What you are asked to do: In the records that follow, find the line with "have hN' : (trunc"; from there, retype every line exactly through the line with "have Oa : Ocirc n (resY a (p - 1) q N' b).", which also belongs to the answer.

Material provided:

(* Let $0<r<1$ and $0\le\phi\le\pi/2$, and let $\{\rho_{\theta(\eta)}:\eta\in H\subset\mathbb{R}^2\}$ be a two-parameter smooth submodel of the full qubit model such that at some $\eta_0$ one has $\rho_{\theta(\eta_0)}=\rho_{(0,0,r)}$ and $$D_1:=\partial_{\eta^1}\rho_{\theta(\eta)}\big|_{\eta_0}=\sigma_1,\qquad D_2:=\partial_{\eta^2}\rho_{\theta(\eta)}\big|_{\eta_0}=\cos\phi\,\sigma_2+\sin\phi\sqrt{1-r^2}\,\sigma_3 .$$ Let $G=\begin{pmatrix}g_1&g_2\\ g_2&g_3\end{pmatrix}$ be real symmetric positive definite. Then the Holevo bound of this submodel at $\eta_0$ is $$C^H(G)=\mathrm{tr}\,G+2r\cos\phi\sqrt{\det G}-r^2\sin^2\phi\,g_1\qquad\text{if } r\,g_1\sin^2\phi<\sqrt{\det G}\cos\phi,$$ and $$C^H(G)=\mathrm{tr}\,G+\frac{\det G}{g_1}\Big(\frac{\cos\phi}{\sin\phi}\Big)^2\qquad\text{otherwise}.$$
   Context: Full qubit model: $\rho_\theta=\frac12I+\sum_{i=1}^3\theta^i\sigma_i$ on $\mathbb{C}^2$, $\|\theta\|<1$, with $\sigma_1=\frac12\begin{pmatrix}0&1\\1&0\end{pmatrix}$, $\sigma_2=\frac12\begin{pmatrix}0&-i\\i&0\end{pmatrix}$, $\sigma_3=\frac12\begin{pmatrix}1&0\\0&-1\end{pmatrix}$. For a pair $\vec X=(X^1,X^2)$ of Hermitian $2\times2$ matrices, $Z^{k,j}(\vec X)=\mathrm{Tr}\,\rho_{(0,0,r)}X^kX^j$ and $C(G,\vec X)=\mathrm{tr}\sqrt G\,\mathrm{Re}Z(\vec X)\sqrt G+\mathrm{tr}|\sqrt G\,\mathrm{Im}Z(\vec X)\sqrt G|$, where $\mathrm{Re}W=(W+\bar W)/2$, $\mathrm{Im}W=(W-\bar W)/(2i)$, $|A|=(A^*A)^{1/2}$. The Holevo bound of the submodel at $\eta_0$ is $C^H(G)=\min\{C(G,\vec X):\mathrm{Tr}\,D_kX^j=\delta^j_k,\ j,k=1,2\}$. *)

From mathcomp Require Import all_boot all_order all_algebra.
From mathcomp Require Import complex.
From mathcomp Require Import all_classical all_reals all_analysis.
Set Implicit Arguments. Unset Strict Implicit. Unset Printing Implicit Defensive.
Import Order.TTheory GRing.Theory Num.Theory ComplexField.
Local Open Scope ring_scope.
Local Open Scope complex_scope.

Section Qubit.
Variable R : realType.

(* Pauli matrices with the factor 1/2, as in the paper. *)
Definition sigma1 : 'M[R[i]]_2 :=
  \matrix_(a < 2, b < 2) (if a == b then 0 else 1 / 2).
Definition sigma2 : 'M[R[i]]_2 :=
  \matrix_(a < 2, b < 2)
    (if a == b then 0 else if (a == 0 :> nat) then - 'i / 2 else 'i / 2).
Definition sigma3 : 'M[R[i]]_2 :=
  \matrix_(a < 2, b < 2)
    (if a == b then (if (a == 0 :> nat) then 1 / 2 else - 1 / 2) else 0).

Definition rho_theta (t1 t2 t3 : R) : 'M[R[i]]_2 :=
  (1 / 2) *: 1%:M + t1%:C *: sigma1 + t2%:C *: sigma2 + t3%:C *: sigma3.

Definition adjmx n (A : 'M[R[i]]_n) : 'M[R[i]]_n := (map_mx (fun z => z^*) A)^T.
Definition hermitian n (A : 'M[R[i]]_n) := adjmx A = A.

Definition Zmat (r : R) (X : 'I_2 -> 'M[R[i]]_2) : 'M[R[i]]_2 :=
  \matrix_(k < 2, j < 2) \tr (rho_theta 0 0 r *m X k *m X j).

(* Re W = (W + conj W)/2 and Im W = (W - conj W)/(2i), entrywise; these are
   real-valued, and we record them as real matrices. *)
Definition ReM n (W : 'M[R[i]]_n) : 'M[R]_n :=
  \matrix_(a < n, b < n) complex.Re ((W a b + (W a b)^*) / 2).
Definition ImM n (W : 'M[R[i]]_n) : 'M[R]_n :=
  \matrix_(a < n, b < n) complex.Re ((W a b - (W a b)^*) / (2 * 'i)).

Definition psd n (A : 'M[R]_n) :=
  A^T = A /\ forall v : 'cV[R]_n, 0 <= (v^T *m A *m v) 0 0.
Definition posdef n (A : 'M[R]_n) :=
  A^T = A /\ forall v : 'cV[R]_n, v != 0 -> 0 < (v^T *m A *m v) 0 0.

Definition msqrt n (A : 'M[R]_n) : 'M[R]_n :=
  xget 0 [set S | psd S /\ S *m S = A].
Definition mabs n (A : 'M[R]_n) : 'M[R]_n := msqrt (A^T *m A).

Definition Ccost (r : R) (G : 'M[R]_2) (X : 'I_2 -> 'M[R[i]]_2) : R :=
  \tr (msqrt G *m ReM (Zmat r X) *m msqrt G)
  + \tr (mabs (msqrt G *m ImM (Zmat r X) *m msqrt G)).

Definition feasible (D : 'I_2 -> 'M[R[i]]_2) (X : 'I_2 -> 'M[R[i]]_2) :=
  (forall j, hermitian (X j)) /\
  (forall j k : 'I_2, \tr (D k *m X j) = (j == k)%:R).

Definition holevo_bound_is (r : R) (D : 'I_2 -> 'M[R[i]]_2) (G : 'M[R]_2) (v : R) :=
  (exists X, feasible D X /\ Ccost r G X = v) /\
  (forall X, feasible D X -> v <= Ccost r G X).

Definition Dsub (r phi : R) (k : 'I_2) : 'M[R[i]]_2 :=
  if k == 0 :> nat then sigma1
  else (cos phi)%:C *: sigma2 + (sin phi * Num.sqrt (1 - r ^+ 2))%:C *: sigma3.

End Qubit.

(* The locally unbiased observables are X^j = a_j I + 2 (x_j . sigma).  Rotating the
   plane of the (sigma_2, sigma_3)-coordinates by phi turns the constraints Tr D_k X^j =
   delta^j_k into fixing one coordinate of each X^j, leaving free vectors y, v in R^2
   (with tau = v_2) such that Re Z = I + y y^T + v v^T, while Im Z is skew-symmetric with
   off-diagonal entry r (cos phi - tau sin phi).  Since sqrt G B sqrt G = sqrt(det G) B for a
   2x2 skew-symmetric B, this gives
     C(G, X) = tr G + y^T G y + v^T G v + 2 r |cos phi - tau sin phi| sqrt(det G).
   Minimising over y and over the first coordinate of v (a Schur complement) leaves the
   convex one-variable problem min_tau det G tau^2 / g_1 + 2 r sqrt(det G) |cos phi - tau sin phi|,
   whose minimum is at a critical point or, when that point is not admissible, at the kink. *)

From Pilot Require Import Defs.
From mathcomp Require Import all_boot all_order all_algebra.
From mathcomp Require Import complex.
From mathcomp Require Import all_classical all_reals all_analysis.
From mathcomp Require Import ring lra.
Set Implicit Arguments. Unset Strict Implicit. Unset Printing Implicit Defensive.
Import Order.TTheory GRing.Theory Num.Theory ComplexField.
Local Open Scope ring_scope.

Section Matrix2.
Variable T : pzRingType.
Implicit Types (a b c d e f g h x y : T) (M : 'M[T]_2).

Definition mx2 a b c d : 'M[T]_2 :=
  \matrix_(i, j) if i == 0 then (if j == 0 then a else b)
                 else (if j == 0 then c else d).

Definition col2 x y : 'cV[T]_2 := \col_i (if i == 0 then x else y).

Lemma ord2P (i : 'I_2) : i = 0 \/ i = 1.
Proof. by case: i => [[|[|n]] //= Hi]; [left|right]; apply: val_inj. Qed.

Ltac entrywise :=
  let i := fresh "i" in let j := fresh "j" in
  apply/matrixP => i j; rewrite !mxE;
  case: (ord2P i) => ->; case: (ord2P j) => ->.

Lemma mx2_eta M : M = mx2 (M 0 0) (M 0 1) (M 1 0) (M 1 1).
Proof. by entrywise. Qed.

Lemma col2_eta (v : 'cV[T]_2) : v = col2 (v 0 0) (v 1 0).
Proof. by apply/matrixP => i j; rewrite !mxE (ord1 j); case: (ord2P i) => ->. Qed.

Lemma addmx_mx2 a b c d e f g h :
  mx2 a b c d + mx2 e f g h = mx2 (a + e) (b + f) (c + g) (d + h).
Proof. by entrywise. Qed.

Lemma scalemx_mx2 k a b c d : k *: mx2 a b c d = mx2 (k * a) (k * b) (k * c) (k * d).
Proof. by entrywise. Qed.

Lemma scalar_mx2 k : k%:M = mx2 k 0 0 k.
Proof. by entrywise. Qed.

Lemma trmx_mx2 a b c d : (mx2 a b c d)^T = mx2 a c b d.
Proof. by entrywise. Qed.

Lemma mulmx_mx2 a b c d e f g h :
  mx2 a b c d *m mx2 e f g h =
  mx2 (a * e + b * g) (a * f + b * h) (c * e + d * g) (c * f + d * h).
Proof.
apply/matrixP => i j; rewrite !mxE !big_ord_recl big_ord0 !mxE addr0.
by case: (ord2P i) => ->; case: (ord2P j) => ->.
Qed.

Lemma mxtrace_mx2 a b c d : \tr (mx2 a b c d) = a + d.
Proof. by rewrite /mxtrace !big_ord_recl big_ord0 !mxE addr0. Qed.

* * *

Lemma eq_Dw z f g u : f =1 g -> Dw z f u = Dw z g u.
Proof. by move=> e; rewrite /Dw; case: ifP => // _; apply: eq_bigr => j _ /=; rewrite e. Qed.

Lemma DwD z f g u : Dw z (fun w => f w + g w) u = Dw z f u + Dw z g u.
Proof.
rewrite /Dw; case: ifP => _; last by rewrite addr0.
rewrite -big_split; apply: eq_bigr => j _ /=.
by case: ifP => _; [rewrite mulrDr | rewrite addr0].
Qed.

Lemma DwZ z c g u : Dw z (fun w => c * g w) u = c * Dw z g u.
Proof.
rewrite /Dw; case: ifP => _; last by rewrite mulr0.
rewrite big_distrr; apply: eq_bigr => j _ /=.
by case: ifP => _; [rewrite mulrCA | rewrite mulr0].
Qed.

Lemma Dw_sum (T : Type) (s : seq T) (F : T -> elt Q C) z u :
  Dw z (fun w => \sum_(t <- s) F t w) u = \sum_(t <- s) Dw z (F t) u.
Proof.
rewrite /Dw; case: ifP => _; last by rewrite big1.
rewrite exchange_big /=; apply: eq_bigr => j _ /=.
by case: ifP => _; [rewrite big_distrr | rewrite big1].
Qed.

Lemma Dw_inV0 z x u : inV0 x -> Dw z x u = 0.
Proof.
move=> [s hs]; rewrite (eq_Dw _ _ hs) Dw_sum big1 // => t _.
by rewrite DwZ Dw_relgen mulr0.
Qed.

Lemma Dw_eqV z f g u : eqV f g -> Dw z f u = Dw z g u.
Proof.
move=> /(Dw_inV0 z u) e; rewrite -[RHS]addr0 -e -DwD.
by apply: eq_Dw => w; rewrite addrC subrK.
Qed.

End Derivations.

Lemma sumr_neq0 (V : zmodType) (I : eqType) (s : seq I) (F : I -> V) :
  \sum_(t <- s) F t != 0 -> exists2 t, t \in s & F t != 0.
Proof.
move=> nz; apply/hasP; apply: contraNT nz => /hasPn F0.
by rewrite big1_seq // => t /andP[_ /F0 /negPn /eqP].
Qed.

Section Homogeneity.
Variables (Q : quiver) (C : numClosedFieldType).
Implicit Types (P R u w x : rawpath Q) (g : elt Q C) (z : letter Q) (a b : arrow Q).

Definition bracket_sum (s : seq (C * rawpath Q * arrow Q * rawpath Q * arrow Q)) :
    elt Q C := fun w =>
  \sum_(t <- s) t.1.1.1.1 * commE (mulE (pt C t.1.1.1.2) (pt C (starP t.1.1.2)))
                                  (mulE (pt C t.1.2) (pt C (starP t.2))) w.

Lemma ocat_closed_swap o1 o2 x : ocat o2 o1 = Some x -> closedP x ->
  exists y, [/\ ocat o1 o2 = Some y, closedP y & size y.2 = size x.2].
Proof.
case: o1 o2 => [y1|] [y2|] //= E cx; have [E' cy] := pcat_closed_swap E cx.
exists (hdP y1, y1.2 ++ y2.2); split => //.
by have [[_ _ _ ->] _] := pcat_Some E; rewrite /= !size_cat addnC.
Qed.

--

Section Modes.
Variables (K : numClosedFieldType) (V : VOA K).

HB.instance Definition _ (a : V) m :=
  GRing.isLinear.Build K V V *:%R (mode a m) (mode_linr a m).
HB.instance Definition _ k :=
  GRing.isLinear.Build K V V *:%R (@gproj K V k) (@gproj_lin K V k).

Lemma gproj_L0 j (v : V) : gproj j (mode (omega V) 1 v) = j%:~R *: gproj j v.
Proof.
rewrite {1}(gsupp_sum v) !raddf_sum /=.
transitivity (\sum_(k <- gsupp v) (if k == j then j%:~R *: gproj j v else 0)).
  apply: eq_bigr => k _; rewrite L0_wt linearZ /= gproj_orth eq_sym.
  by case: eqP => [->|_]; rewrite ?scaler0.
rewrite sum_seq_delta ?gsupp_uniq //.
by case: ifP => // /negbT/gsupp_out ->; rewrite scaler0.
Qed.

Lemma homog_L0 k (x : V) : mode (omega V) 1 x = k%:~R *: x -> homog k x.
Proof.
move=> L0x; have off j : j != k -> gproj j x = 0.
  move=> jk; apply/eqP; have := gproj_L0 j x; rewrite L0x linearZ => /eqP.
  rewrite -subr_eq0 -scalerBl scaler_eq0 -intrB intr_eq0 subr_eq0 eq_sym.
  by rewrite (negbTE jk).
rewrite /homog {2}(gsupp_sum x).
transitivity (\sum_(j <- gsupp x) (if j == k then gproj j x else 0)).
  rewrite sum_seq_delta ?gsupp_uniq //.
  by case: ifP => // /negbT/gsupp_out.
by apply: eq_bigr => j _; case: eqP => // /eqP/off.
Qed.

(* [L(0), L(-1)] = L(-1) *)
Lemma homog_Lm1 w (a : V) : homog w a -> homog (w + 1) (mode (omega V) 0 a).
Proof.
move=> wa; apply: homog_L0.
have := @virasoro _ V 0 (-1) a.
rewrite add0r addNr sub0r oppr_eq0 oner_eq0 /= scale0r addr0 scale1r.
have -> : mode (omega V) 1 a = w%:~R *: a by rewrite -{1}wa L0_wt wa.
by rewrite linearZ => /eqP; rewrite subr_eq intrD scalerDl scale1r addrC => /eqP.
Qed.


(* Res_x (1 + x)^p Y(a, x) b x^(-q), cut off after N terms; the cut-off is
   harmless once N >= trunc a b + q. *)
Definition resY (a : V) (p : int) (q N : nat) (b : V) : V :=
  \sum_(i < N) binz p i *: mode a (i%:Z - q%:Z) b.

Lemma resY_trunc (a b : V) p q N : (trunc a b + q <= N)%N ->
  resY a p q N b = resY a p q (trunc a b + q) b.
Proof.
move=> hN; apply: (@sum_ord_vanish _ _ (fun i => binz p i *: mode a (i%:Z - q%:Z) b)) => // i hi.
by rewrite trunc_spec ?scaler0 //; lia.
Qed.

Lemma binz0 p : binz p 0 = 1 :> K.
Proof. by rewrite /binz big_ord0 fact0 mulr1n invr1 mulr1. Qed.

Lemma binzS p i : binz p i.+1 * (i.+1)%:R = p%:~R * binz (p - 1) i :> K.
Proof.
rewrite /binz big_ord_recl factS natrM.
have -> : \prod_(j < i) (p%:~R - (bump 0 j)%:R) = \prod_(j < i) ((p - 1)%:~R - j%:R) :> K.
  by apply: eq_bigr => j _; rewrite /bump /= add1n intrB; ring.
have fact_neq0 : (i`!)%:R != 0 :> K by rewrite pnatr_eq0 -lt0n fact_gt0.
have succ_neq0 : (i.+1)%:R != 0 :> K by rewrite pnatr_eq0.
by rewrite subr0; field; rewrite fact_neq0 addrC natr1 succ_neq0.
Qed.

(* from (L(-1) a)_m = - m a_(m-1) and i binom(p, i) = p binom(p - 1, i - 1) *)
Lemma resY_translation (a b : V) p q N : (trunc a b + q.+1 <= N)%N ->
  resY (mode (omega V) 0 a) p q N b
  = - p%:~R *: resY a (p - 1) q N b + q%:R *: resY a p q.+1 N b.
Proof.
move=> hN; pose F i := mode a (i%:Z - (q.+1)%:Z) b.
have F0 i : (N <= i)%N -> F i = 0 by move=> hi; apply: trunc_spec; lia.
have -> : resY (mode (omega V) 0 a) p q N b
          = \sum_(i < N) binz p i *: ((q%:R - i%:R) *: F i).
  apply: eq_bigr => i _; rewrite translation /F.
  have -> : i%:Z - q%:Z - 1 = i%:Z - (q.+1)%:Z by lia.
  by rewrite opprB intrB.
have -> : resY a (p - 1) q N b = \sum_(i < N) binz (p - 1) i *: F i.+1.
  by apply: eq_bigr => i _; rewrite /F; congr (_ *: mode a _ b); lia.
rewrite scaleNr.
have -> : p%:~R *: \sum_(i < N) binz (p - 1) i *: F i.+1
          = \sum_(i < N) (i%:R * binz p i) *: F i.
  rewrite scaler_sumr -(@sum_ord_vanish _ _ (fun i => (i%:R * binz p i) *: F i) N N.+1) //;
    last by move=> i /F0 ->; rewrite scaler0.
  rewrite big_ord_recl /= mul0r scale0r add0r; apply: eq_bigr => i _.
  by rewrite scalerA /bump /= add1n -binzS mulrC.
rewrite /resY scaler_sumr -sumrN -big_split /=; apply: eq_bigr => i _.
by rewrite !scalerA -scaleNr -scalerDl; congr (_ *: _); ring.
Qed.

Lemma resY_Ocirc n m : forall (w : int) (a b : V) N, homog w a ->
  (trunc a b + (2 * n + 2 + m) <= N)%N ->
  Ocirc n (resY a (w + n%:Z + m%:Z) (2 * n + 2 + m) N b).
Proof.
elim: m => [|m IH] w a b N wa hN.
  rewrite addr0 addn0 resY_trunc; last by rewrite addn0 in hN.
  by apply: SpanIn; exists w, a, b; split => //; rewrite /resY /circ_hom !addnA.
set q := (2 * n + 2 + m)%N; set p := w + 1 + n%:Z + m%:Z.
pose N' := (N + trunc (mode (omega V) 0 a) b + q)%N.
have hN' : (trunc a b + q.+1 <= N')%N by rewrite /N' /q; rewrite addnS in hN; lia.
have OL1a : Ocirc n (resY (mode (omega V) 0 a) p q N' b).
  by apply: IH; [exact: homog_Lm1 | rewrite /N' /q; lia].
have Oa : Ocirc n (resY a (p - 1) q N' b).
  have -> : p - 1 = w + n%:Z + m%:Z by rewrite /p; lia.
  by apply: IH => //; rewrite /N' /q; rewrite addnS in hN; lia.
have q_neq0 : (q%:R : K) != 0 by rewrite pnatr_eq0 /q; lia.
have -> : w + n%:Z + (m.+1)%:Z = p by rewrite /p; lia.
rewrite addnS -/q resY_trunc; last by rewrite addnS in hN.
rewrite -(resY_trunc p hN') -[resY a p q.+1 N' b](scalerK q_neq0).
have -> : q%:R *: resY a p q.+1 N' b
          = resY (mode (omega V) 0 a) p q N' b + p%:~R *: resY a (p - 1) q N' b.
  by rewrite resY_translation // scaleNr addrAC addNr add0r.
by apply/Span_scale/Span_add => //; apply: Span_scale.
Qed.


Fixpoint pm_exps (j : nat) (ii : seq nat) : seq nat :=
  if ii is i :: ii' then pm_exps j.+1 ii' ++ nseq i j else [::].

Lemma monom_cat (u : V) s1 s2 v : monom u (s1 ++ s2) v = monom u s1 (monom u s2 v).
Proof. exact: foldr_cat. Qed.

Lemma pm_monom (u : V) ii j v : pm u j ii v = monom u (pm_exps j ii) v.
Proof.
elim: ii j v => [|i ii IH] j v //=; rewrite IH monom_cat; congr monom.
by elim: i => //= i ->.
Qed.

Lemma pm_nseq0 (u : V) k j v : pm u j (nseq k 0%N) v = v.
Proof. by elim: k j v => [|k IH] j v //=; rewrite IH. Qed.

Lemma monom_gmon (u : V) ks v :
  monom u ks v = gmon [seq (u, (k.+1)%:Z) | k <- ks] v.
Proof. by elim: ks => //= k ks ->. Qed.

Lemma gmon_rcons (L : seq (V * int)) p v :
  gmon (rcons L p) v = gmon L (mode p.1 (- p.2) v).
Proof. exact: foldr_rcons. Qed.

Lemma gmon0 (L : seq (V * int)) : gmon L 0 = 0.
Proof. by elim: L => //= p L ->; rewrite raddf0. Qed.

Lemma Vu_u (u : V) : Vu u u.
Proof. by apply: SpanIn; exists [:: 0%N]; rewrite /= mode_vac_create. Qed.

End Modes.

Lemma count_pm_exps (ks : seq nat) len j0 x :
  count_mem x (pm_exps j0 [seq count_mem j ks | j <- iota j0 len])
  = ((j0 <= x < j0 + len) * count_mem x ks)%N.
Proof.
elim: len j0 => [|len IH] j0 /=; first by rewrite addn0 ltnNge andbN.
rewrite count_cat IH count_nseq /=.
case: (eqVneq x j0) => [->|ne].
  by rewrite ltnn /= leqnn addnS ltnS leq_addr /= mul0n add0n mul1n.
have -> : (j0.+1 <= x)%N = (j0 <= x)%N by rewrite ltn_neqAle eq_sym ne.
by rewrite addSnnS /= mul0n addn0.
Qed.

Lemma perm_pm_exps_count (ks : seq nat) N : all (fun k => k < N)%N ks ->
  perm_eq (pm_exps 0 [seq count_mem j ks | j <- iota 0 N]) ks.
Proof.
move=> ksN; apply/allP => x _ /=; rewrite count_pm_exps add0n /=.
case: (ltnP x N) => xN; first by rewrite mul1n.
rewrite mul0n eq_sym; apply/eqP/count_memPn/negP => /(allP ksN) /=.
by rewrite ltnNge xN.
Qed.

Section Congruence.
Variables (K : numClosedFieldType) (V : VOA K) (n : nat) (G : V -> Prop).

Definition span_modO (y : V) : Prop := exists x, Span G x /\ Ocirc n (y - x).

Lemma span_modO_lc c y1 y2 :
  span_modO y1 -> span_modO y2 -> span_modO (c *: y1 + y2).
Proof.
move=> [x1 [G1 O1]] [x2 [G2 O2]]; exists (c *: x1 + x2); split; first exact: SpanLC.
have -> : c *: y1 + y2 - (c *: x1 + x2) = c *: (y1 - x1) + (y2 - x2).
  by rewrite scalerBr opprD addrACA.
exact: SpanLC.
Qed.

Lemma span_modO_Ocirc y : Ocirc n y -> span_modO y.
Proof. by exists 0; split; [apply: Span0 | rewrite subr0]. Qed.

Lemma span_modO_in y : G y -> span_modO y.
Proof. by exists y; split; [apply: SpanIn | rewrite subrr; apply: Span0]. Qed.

Written reply:
have hN' : (trunc a b + q.+1 <= N')%N by rewrite /N' /q; rewrite addnS in hN; lia.
have OL1a : Ocirc n (resY (mode (omega V) 0 a) p q N' b).
  by apply: IH; [exact: homog_Lm1 | rewrite /N' /q; lia].
have Oa : Ocirc n (resY a (p - 1) q N' b).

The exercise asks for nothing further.